AIM OF THE TASK:
Find the lines below that contain the string "Arguments". Copy each one.

GIVEN DATA: Begin

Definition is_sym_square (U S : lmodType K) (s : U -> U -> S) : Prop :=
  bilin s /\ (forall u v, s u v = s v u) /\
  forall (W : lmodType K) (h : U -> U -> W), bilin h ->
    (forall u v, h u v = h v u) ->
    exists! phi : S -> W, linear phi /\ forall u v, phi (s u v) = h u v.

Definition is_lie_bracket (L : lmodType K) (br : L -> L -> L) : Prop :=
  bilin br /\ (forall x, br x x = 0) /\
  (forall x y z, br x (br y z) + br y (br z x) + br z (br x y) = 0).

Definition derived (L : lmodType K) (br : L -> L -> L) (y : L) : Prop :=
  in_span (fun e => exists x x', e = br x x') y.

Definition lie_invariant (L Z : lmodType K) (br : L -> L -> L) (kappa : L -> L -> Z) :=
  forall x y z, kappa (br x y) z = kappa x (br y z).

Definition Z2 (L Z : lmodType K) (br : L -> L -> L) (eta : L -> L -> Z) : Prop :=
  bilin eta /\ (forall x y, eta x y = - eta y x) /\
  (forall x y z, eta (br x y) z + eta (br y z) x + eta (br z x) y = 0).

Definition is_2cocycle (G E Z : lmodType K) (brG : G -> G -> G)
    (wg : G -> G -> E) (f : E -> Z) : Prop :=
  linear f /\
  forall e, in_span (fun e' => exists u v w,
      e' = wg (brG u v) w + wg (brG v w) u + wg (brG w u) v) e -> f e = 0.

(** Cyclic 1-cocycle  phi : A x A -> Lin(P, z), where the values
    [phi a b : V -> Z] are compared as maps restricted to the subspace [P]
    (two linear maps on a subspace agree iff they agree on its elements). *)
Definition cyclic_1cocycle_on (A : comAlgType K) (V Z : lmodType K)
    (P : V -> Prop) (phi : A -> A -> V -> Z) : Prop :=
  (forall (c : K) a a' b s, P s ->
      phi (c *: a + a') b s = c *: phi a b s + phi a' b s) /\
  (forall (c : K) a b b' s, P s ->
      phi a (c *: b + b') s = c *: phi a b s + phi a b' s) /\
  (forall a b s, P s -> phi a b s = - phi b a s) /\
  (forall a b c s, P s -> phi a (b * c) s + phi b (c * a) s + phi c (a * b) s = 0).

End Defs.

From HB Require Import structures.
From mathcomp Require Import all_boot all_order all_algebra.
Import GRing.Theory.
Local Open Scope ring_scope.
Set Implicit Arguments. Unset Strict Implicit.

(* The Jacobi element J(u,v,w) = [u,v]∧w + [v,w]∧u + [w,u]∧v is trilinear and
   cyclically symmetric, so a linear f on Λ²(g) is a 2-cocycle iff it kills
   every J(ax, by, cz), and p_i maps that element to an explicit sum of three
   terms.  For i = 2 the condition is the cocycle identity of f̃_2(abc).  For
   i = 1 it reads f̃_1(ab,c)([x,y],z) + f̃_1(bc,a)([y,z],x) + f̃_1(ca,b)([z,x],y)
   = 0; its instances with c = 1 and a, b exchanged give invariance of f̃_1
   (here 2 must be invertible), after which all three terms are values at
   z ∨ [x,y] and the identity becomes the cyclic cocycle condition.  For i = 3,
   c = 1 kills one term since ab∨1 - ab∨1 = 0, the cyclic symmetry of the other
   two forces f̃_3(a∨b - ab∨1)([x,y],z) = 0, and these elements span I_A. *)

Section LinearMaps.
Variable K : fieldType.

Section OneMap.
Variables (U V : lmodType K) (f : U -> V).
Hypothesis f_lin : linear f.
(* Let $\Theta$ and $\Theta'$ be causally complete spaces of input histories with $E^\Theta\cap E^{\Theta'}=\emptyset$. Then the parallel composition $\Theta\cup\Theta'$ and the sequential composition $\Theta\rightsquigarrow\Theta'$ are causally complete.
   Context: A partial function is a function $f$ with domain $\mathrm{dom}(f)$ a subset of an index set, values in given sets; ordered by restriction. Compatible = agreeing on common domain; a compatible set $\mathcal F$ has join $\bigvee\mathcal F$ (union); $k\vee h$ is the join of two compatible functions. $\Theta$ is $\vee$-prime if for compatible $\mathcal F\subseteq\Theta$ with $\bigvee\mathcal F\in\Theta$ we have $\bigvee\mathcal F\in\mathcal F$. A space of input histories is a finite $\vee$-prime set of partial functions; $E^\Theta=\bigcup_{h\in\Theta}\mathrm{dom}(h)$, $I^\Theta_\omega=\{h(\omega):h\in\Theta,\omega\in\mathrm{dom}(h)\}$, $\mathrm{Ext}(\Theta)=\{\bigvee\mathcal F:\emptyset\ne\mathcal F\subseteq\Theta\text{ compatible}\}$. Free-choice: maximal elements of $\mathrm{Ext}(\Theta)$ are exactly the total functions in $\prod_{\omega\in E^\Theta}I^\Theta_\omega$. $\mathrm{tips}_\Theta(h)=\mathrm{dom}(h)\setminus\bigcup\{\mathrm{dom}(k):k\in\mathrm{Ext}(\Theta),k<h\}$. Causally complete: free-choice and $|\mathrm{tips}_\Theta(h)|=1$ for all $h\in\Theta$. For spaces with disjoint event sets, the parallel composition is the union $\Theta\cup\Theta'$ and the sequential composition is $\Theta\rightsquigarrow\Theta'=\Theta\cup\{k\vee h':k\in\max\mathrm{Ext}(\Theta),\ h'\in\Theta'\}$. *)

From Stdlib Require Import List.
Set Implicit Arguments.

GIVEN DATA: End

TASK ANSWER:
Set Implicit Arguments. Unset Strict Implicit.
Set Implicit Arguments.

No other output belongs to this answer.